From the “blue dot” perspective one gets from outer space, we clearly are only an “us.”

Human nature, however, is such that whenever we see A is different than B (and we are A), there is a nearly irresistible urge to make the leap to the conclusion that A is better than B. We are all fundamentally ethnocentric and perhaps, by extension, even racist.

Our cultural learning thankfully counters these tendencies, and we can and do learn to live together, though the painful exceptions to this are both local — Trayvon Martin comes to my mind — and global, with the 1994 Rwandan genocide still raw in our collective memories.

One of the more dominant themes in our nationalistic rhetoric is embodied in the oft-used phrase “God bless America.” Put in hyper-drive by the anti-communism of the Cold War in the 1950s, we have conflated religiosity and nationalism in ways that make it such that, in many people’s minds, you can’t be a good American without being both nationalistic and religious.

The poison that is extreme nationalism, often linked with overtones of racism, is indeed one of the major sources of much human discord, past and present, both locally and globally. Certainly Hitler’s Germany was both hyper-nationalistic and obscenely racist.

Extreme nationalism’s tunnel-visioned twin, religious fundamentalism, has also been a net negative force in world history. Our fight against terrorism is, after all, largely a struggle with religious zealots who feel called to kill in order to move the world in the direction dictated by their god. This is what drove the al‑Qaida team into the World Trade Center, yes?

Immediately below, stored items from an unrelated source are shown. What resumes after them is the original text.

(* There exist an absolute constant $c>0$, a calibrated distribution $\mathcal D$ of $(p,y)\in[0,1]\times\{0,1\}$, and a decision task $Z=(A,U)$ with $U:A\times\{0,1\}\to[0,1]$ such that for every positive integer $T$ and every randomized response function $r:[0,1]\to\Delta(A)$, if $S$ is the uniform distribution on $T$ i.i.d. data points drawn from $\mathcal D$, then with probability at least $1/3$ over $S$, $\mathsf{SR}_Z(r,S)\ge c\,T^{-1/2}$.
   Context: A distribution of $(p,y)$ is calibrated if $\mathbb E[y\mid p]=p$. A decision task $Z=(A,U)$ consists of an action set $A$ and a utility function $U:A\times\{0,1\}\to[0,1]$. For a randomized response function $r:[0,1]\to\Delta(A)$ and a distribution $\mathcal D$ on $[0,1]\times\{0,1\}$, the swap regret is $\mathsf{SR}_Z(r,\mathcal D)=\sup_{\sigma:A\to A}\mathbb E_{(p,y)\sim\mathcal D,\,a\sim r(p)}[U(\sigma(a),y)-U(a,y)]$. *)

From HB Require Import structures.
From mathcomp Require Import all_boot all_order all_algebra.
From mathcomp Require Import reals.
Set Implicit Arguments. Unset Strict Implicit. Unset Printing Implicit Defensive.
Import Order.TTheory GRing.Theory Num.Theory.
Local Open Scope ring_scope.

(* A finitely supported distribution on [0,1] x {0,1}:
   atoms fd_pt i = (p_i, y_i) with weights fd_w i. *)
Record findist (R : realType) := FinDist {
  fd_n : nat;
  fd_pt : 'I_fd_n -> R * bool;
  fd_w : 'I_fd_n -> R }.
Arguments fd_n {R}. Arguments fd_pt {R}. Arguments fd_w {R}.

Definition is_dist (R : realType) (D : findist R) : Prop :=
  (forall i, 0 <= fd_w D i) /\ \sum_i fd_w D i = 1 /\
  (forall i, 0 <= (fd_pt D i).1 <= 1).

(* E[y | p = q] = q for every q (trivial when q has zero mass). *)
Definition calibrated (R : realType) (D : findist R) : Prop :=
  forall q : R,
    \sum_(i | (fd_pt D i).1 == q) fd_w D i * ((fd_pt D i).2)%:R
    = q * \sum_(i | (fd_pt D i).1 == q) fd_w D i.

Definition is_pvec (R : realType) (A : finType) (v : {ffun A -> R}) : Prop :=
  (forall a, 0 <= v a) /\ \sum_a v a = 1.

Definition swap_regret (R : realType) (A : finType) (U : A -> bool -> R)
    (r : R -> {ffun A -> R}) (T : nat) (s : 'I_T -> R * bool) : R :=
  \big[Num.max/0]_(sigma : {ffun A -> A})
    ((T%:R)^-1 * \sum_(t < T) \sum_(a : A)
        r (s t).1 a * (U (sigma a) (s t).2 - U a (s t).2)).

Definition sample_prob (R : realType) (D : findist R) (T : nat)
    (E : ('I_T -> R * bool) -> bool) : R :=
  \sum_(k : {ffun 'I_T -> 'I_(fd_n D)})
     (\prod_(t < T) fd_w D (k t)) * (E (fun t => fd_pt D (k t)))%:R.
Arguments sample_prob {R} D T E.
Arguments swap_regret {R A} U r {T} s.

From mathcomp Require Import all_boot all_order all_algebra.
From mathcomp Require Import reals.
From mathcomp Require Import zify ring lra.
Set Implicit Arguments.
Unset Strict Implicit.
Unset Printing Implicit Defensive.
Import Order.TTheory GRing.Theory Num.Theory.

(* Let p = 1/2 always and y be a fair coin, which is calibrated, and give the
   four actions the values 5/16, 7/16, 9/16, 11/16 under the Brier utility.
   Swapping a to b then changes the average utility by
   (v_b - v_a)(2j - T(v_a + v_b)) / 2T, where j is the number of ones.
   Whatever r is, some action a gets weight >= 1/4 at p = 1/2.  For an outer
   action the inward swap gains a constant as soon as j is on the right side
   of T/2, which happens with probability >= 1/2.  For a middle action the
   midpoint is 1/2, so a gain of order K/T needs |2j - T| >= K ~ sqrt T / 10
   on the right side.  The central binomial coefficient is at most
   2^T / sqrt(3T/2 + 1), so the window |2j - T| < K has probability <= 1/3,
   and by symmetry each tail has probability >= 1/3. *)

Definition binom_mass (T : nat) (P : pred nat) : nat :=
  \sum_(j < T.+1) 'C(T, j) * P j.

Lemma binom_mass_predT T : binom_mass T predT = 2 ^ T.
Proof.
rewrite -[2]/(1 + 1) expnDn; apply: eq_bigr => j _.
by rewrite !exp1n !muln1.
Qed.

Lemma eq_binom_mass T (P Q : pred nat) :
  (forall j, j <= T -> P j = Q j) -> binom_mass T P = binom_mass T Q.
Proof. by move=> PQ; apply: eq_bigr => j _; rewrite PQ // -ltnS. Qed.

Lemma leq_binom_mass T (P Q : pred nat) :
  subpred P Q -> binom_mass T P <= binom_mass T Q.
Proof.
move=> PQ; apply: leq_sum => j _; apply: leq_mul => //.
by case: (P j) (PQ j) => [->|].
Qed.
Lemma tail_form_le b (X := \sum_i `|b i| ^+ 2) : X <= 1 ->
  (1 - X) * form rho (mask (~: low_weight) (prod_state b)) (mask (~: low_weight) (prod_state b))
    <= X ^+ 2.
Proof.
move=> X_le1; set w := mask _ _.
have norm_w : \sum_k `|w k 0| ^+ 2 = \prod_i (1 + `|b i| ^+ 2) - (1 + X).
  rewrite sum_norm_maskC sum_norm_prod_state sum_low_weight prod_state_idx0 normr1 expr1n.
  by congr (_ - (1 + _)); apply: eq_bigr => i _; rewrite prod_state_e_idx.
have X_ge0 : 0 <= X by apply: sumr_ge0 => i _; rewrite exprn_ge0.
apply: le_trans (ler_wpM2l _ (form_le_norm rho_herm rho_psd rho_tr1 w)) _; first by rewrite subr_ge0.
rewrite norm_w -subr_ge0.
have -> : X ^+ 2 - (1 - X) * (\prod_i (1 + `|b i| ^+ 2) - (1 + X))
    = 1 - \prod_i (1 + `|b i| ^+ 2) * (1 - X) by ring.
by rewrite subr_ge0 prod1D_mul1B_sum_le1 // => i; rewrite exprn_ge0.
Qed.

Here is what it means to be anti-nationalistic and atheistic: To see oneself as first a global citizen who believes that “to do good” is what we should all do just because it is right, not because it has been decreed from some deity.

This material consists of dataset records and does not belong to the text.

Definition non_uniform {R : realType} (K : nat) (p : Alph K -> R) : Prop :=
  exists a, p a != K%:R^-1.

Definition bern_entropy {R : realType} (K : nat) (p : Alph K -> R) : R :=
  - \sum_a p a * ln (p a).

Definition bern_variance {R : realType} (K : nat) (p : Alph K -> R) : R :=
  \sum_a p a * (ln (p a)) ^+ 2 - (\sum_a p a * ln (p a)) ^+ 2.

(* Convention of the paper: log x = 0 for x <= 1. *)
Definition logc {R : realType} (x : R) : R := if x <= 1 then 0 else ln x.

Definition loglog {R : realType} (n : nat) : R := logc (logc (n%:R : R)).

From HB Require Import structures.
From mathcomp Require Import all_boot all_order all_algebra.
From mathcomp Require Import all_classical all_reals all_analysis.
From mathcomp Require Import ring lra measurable_realfun.
Import Order.TTheory GRing.Theory Num.Theory.
Local Open Scope classical_set_scope.
Local Open Scope ring_scope.
Set Implicit Arguments.
Unset Strict Implicit.

(* Write log mu([i|_1^n]) + h n = S_n(i), a sum of n i.i.d. centred variables
   log p_(i_m) + h of variance rho.  By Chebyshev, S_n > sqrt(2 rho n) g(n) / 2
   has probability at most 2 / g(n)^2, so along a subsequence with
   g(n_k) >= 2^(k+1) these events have summable probabilities and, by
   Borel-Cantelli, almost every i eventually avoids them; then the normalised
   ratio is at most 1/2 for all large k. *)

Section IidSums.
Variables (R : comPzRingType) (A : finType) (q X : A -> R).
Hypotheses (q1 : \sum_a q a = 1) (qX0 : \sum_a q a * X a = 0).

Lemma iid_cross_moment n (m1 m2 : 'I_n) :
  \sum_(w : {ffun 'I_n -> A}) (\prod_(m < n) q (w m)) * (X (w m1) * X (w m2))
  = if m1 == m2 then \sum_a q a * X a ^+ 2 else 0.
Proof.
(* The summand factorises over the coordinates, so the sum over words is a
   product of one-letter sums. *)
pose F m a := q a * (if m == m1 then X a else 1) * (if m == m2 then X a else 1).
have prodF (w : {ffun 'I_n -> A}) :
    (\prod_(m < n) q (w m)) * (X (w m1) * X (w m2)) = \prod_m F m (w m).
  by rewrite !big_split /= -!big_mkcond /= !big_pred1_eq mulrA.
under eq_bigr do rewrite prodF.
rewrite -(bigA_distr_bigA F) (bigD1 m1) //= /F eqxx.
have [<-|/eqP m12] := eqP.
  rewrite [\prod_(_ < _ | _) _]big1 ?mulr1; last first.
    by move=> m /negbTE ->; under eq_bigr do rewrite !mulr1.
  by apply: eq_bigr => a _; rewrite -mulrA expr2.
by under eq_bigr do rewrite mulr1; rewrite qX0 mul0r.
Qed.

Lemma iid_sum_second_moment n :
  \sum_(w : {ffun 'I_n -> A}) (\prod_(m < n) q (w m)) * (\sum_(m < n) X (w m)) ^+ 2
  = n%:R * \sum_a q a * X a ^+ 2.
Proof.
have expand (w : {ffun 'I_n -> A}) :
    (\prod_(m < n) q (w m)) * (\sum_(m < n) X (w m)) ^+ 2
    = \sum_(m1 < n) \sum_(m2 < n) (\prod_(m < n) q (w m)) * (X (w m1) * X (w m2)).
  rewrite expr2 big_distrl big_distrr /=; apply: eq_bigr => m1 _.
  by rewrite big_distrr big_distrr /=; apply: eq_bigr => m2 _; rewrite mulrA.
under eq_bigr do rewrite expand.
rewrite exchange_big /=; under eq_bigr do rewrite exchange_big /=.
under eq_bigr do under eq_bigr do rewrite iid_cross_moment.
have diag (m1 : 'I_n) :
    \sum_(m2 < n) (if m1 == m2 then \sum_a q a * X a ^+ 2 else 0) = \sum_a q a * X a ^+ 2.
  by rewrite -big_mkcond (big_pred1 m1) // => m2; rewrite /= eq_sym.
under eq_bigr do rewrite diag.
by rewrite sumr_const card_ord mulr_natl.
Qed.

End IidSums.

Lemma iid_sum_chebyshev (R : realFieldType) (A : finType) (q X : A -> R) n c :
  (forall a, 0 <= q a) -> \sum_a q a = 1 -> \sum_a q a * X a = 0 -> 0 < c ->
  \sum_(w : {ffun 'I_n -> A} | c < \sum_(m < n) X (w m)) \prod_(m < n) q (w m)
    <= n%:R * (\sum_a q a * X a ^+ 2) / c ^+ 2.
Proof.
move=> q0 q1 qX0 c0.
rewrite -iid_sum_second_moment // mulr_suml big_mkcond /=.
apply: ler_sum => w _; have qw0 : 0 <= \prod_(m < n) q (w m) by apply: prodr_ge0.
case: ifP => [cS|_]; last by rewrite divr_ge0 ?sqr_ge0 // mulr_ge0 ?sqr_ge0.
rewrite -mulrA ler_peMr // ler_pdivlMr ?exprn_gt0 // mul1r.
by rewrite lerXn2r ?nnegrE ?ltW // (lt_trans c0 cS).
Qed.

Lemma chebyshev_normalised_bound (R : rcfType) (rho n g y : R) :
  0 < rho -> 0 < n -> 2 <= y -> y <= g ->
  n * rho / (Num.sqrt (2 * rho * n) * g / 2) ^+ 2 <= y^-1.
Proof.
move=> rho0 n0 y2 yg; have g0 : 0 < g by lra.
rewrite expr_div_n exprMn sqr_sqrtr; last by rewrite !mulr_ge0 ?ltW.
have -> : n * rho / (2 * rho * n * g ^+ 2 / 2 ^+ 2) = 2 / g ^+ 2.
  by field; rewrite !lt0r_neq0.
rewrite ler_pdivrMr ?exprn_gt0 // mulrC ler_pdivlMr; nra.
Qed.

Lemma fsbig_finType (R : Type) (idx : R) (op : Monoid.com_law idx) (T : finType)
    (A : set T) (f : T -> R) :
  \big[op/idx]_(i \in A) f i = \big[op/idx]_(i | i \in A) f i.
Proof.
rewrite fsbig_mkcond (fsbigE (enum T)) ?enum_uniq // => [|i _]; last by rewrite mem_enum.
rewrite big_enum_cond [RHS]big_mkcond; apply: eq_big => [i|i _]; first by rewrite in_setT.
by rewrite /patch; case: ifP.
Qed.

Lemma ln_prod (R : realType) (I : Type) (s : seq I) (P : pred I) (F : I -> R) :
  (forall i, P i -> 0 < F i) ->
  ln (\prod_(i <- s | P i) F i) = \sum_(i <- s | P i) ln (F i).
Proof.
move=> F0; rewrite (eq_bigr (fun i => expR (ln (F i)))) => [|i /F0 Fi]; last by rewrite lnK.
by rewrite -expR_sum expRK.
Qed.

Lemma cvgry_subseq (R : realType) (g b : nat -> R) : g @ \oo --> +oo ->
  exists nk : nat -> nat, (forall k, (0 < nk k)%N) /\ forall k, b k <= g (nk k).
Proof.
move=> /cvgryPge g_oo.
have [nk hnk] : {nk : nat -> nat & forall k, (0 < nk k)%N /\ b k <= g (nk k)}.
  apply: (@choice _ _ (fun k n => (0 < n)%N /\ b k <= g n)) => k.
  have [N _ gN] := g_oo (b k).
  by exists N.+1; split => //; apply: gN => /=.
by exists nk; split => k; case: (hnk k).
Qed.

Lemma limn_esup_le_near (R : realType) (u : (\bar R)^nat) (a : \bar R) :
  (\forall k \near \oo, (u k <= a)%E) -> (limn_esup u <= a)%E.
Proof.
move=> [N _ uN]; rewrite limn_esup_lim; apply: lime_le; first exact: is_cvg_esups.
near=> m; apply: ge_ereal_sup => _ [k /= mk <-]; apply: uN => /=.
by apply: leq_trans mk; near: m; exists N.
Unshelve. all: by end_near.
Qed.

Given what I believe, there are many who would call me a fool or at least a non-pragmatist who is woefully out of touch with the “real world.” The emotional and historical pull of both nationalism and religiosity are positive and permanent features of our lives, they might argue, and I would agree to some extent.

But I would also argue that the man who wrote “Common Sense” might have something to teach us about how to think about the world.